■ **Exercise directions**: Return the records below character for character.
———
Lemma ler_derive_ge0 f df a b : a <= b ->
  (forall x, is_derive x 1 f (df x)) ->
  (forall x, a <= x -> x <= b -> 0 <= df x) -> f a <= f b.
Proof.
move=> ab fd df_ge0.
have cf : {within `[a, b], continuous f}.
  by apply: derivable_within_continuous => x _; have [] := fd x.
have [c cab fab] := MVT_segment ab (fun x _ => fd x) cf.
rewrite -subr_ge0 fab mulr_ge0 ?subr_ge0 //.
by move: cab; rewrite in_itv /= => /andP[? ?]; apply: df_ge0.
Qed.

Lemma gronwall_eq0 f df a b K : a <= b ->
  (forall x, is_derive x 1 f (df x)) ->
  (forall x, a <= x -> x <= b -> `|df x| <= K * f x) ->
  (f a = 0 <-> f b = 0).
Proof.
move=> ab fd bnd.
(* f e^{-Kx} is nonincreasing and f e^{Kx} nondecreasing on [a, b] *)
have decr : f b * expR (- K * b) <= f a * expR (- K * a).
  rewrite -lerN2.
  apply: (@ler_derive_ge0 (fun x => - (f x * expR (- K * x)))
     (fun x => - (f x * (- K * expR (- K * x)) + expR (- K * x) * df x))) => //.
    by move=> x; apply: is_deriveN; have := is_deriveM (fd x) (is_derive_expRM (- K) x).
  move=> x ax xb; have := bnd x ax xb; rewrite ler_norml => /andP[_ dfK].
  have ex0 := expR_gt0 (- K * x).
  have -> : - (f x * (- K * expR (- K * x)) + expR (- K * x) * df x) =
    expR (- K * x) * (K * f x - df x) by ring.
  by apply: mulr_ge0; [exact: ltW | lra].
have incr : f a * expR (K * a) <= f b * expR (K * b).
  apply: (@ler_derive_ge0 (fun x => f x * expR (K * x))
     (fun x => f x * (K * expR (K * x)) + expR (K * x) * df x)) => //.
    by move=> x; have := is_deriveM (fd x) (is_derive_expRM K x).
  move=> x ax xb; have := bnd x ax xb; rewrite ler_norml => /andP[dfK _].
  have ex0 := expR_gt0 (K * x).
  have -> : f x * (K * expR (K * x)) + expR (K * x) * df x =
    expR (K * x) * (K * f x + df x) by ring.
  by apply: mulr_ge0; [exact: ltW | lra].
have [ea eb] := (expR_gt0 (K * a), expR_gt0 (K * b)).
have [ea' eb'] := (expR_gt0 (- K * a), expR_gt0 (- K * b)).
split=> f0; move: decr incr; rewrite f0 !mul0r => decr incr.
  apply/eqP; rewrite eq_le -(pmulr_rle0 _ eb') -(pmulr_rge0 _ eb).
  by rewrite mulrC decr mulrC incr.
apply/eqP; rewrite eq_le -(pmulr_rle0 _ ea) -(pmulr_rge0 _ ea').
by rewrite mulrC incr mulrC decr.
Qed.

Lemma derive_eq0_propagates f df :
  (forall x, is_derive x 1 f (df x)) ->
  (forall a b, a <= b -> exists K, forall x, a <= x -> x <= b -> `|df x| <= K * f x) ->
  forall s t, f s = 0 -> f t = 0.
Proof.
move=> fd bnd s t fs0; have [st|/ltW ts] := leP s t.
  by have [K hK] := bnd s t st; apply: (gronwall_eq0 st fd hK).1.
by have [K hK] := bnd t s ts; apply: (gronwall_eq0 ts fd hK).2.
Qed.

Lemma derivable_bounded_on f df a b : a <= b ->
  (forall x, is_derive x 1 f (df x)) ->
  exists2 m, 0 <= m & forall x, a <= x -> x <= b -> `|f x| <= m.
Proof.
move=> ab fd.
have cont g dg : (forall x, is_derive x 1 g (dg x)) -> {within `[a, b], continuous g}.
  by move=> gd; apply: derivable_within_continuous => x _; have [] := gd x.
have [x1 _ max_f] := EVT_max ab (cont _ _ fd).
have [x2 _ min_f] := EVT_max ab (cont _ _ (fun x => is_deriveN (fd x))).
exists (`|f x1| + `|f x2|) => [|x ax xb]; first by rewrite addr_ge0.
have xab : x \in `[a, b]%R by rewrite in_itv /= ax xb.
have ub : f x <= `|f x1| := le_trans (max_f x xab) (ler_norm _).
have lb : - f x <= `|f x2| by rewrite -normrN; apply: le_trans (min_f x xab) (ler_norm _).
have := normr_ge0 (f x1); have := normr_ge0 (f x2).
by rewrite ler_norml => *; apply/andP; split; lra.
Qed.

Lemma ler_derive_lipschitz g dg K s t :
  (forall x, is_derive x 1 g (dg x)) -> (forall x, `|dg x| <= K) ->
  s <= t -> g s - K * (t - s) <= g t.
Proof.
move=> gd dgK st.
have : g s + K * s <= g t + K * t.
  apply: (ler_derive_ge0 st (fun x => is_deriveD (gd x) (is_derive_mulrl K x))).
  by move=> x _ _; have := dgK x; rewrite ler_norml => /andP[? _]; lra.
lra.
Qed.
———
■ **Solved exercise**:
Lemma ler_derive_ge0 f df a b : a <= b ->
  (forall x, is_derive x 1 f (df x)) ->
  (forall x, a <= x -> x <= b -> 0 <= df x) -> f a <= f b.
Proof.
move=> ab fd df_ge0.
have cf : {within `[a, b], continuous f}.
  by apply: derivable_within_continuous => x _; have [] := fd x.
have [c cab fab] := MVT_segment ab (fun x _ => fd x) cf.
rewrite -subr_ge0 fab mulr_ge0 ?subr_ge0 //.
by move: cab; rewrite in_itv /= => /andP[? ?]; apply: df_ge0.
Qed.

Lemma gronwall_eq0 f df a b K : a <= b ->
  (forall x, is_derive x 1 f (df x)) ->
  (forall x, a <= x -> x <= b -> `|df x| <= K * f x) ->
  (f a = 0 <-> f b = 0).
Proof.
move=> ab fd bnd.
(* f e^{-Kx} is nonincreasing and f e^{Kx} nondecreasing on [a, b] *)
have decr : f b * expR (- K * b) <= f a * expR (- K * a).
  rewrite -lerN2.
  apply: (@ler_derive_ge0 (fun x => - (f x * expR (- K * x)))
     (fun x => - (f x * (- K * expR (- K * x)) + expR (- K * x) * df x))) => //.
    by move=> x; apply: is_deriveN; have := is_deriveM (fd x) (is_derive_expRM (- K) x).
  move=> x ax xb; have := bnd x ax xb; rewrite ler_norml => /andP[_ dfK].
  have ex0 := expR_gt0 (- K * x).
  have -> : - (f x * (- K * expR (- K * x)) + expR (- K * x) * df x) =
    expR (- K * x) * (K * f x - df x) by ring.
  by apply: mulr_ge0; [exact: ltW | lra].
have incr : f a * expR (K * a) <= f b * expR (K * b).
  apply: (@ler_derive_ge0 (fun x => f x * expR (K * x))
     (fun x => f x * (K * expR (K * x)) + expR (K * x) * df x)) => //.
    by move=> x; have := is_deriveM (fd x) (is_derive_expRM K x).
  move=> x ax xb; have := bnd x ax xb; rewrite ler_norml => /andP[dfK _].
  have ex0 := expR_gt0 (K * x).
  have -> : f x * (K * expR (K * x)) + expR (K * x) * df x =
    expR (K * x) * (K * f x + df x) by ring.
  by apply: mulr_ge0; [exact: ltW | lra].
have [ea eb] := (expR_gt0 (K * a), expR_gt0 (K * b)).
have [ea' eb'] := (expR_gt0 (- K * a), expR_gt0 (- K * b)).
split=> f0; move: decr incr; rewrite f0 !mul0r => decr incr.
  apply/eqP; rewrite eq_le -(pmulr_rle0 _ eb') -(pmulr_rge0 _ eb).
  by rewrite mulrC decr mulrC incr.
apply/eqP; rewrite eq_le -(pmulr_rle0 _ ea) -(pmulr_rge0 _ ea').
by rewrite mulrC incr mulrC decr.
Qed.

Lemma derive_eq0_propagates f df :
  (forall x, is_derive x 1 f (df x)) ->
  (forall a b, a <= b -> exists K, forall x, a <= x -> x <= b -> `|df x| <= K * f x) ->
  forall s t, f s = 0 -> f t = 0.
Proof.
move=> fd bnd s t fs0; have [st|/ltW ts] := leP s t.
  by have [K hK] := bnd s t st; apply: (gronwall_eq0 st fd hK).1.
by have [K hK] := bnd t s ts; apply: (gronwall_eq0 ts fd hK).2.
Qed.

Lemma derivable_bounded_on f df a b : a <= b ->
  (forall x, is_derive x 1 f (df x)) ->
  exists2 m, 0 <= m & forall x, a <= x -> x <= b -> `|f x| <= m.
Proof.
move=> ab fd.
have cont g dg : (forall x, is_derive x 1 g (dg x)) -> {within `[a, b], continuous g}.
  by move=> gd; apply: derivable_within_continuous => x _; have [] := gd x.
have [x1 _ max_f] := EVT_max ab (cont _ _ fd).
have [x2 _ min_f] := EVT_max ab (cont _ _ (fun x => is_deriveN (fd x))).
exists (`|f x1| + `|f x2|) => [|x ax xb]; first by rewrite addr_ge0.
have xab : x \in `[a, b]%R by rewrite in_itv /= ax xb.
have ub : f x <= `|f x1| := le_trans (max_f x xab) (ler_norm _).
have lb : - f x <= `|f x2| by rewrite -normrN; apply: le_trans (min_f x xab) (ler_norm _).
have := normr_ge0 (f x1); have := normr_ge0 (f x2).
by rewrite ler_norml => *; apply/andP; split; lra.
Qed.

Lemma ler_derive_lipschitz g dg K s t :
  (forall x, is_derive x 1 g (dg x)) -> (forall x, `|dg x| <= K) ->
  s <= t -> g s - K * (t - s) <= g t.
Proof.
move=> gd dgK st.
have : g s + K * s <= g t + K * t.
  apply: (ler_derive_ge0 st (fun x => is_deriveD (gd x) (is_derive_mulrl K x))).
  by move=> x _ _; have := dgK x; rewrite ler_norml => /andP[? _]; lra.
lra.
Qed.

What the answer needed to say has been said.